> [Exercise data]

------------------------------------------------------------------------

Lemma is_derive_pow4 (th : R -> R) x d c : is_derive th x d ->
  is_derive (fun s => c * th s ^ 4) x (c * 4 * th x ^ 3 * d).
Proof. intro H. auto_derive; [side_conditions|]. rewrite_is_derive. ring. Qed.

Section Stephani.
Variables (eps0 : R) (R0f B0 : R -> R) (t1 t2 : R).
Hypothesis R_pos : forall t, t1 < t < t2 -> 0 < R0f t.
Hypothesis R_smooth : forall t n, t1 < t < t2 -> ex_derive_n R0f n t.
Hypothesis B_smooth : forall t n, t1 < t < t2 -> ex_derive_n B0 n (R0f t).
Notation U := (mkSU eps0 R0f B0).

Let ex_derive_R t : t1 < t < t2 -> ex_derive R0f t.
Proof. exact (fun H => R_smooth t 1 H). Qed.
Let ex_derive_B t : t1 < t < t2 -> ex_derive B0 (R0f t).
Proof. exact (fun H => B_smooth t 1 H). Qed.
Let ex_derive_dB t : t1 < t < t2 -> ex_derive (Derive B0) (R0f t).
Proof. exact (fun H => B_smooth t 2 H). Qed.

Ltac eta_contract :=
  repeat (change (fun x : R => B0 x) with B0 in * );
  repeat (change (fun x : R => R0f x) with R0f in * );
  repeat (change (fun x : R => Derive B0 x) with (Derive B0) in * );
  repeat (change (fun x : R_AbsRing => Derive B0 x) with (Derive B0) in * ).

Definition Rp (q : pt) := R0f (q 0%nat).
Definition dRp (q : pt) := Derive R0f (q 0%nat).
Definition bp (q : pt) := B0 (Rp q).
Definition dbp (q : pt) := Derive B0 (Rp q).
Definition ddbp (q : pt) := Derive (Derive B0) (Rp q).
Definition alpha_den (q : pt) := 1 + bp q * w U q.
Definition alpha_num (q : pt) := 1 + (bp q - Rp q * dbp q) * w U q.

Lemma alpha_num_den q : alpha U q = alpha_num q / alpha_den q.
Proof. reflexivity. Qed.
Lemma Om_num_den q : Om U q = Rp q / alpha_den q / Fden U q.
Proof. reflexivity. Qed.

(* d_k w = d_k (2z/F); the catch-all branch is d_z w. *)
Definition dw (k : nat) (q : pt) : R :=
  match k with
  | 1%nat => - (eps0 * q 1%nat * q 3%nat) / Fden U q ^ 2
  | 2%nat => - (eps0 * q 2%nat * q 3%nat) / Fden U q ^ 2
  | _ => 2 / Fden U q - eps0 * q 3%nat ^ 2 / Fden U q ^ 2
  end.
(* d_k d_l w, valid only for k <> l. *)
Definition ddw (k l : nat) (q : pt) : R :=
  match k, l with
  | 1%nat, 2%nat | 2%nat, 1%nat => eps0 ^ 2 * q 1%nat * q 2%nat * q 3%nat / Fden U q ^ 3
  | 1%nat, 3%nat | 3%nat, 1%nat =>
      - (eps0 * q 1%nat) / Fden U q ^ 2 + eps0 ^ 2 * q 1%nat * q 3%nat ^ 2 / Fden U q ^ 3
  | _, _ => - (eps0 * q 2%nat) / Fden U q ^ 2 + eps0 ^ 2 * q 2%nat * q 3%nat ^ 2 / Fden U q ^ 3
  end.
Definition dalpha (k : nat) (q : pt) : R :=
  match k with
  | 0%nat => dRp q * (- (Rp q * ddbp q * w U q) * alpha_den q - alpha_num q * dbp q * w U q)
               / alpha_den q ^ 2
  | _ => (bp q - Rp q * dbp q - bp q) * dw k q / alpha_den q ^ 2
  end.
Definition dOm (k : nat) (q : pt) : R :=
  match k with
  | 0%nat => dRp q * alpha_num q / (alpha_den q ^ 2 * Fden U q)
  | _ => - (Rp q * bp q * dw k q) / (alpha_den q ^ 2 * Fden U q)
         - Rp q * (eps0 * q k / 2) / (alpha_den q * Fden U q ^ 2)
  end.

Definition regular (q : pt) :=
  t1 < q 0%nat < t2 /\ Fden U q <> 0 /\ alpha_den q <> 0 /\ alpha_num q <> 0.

------------------------------------------------------------------------

> [Problem statement]
Your answer should be the lines above that contain the word "exact", copied out.

> [Result]
Proof. exact (fun H => R_smooth t 1 H). Qed.
Proof. exact (fun H => B_smooth t 1 H). Qed.
Proof. exact (fun H => B_smooth t 2 H). Qed.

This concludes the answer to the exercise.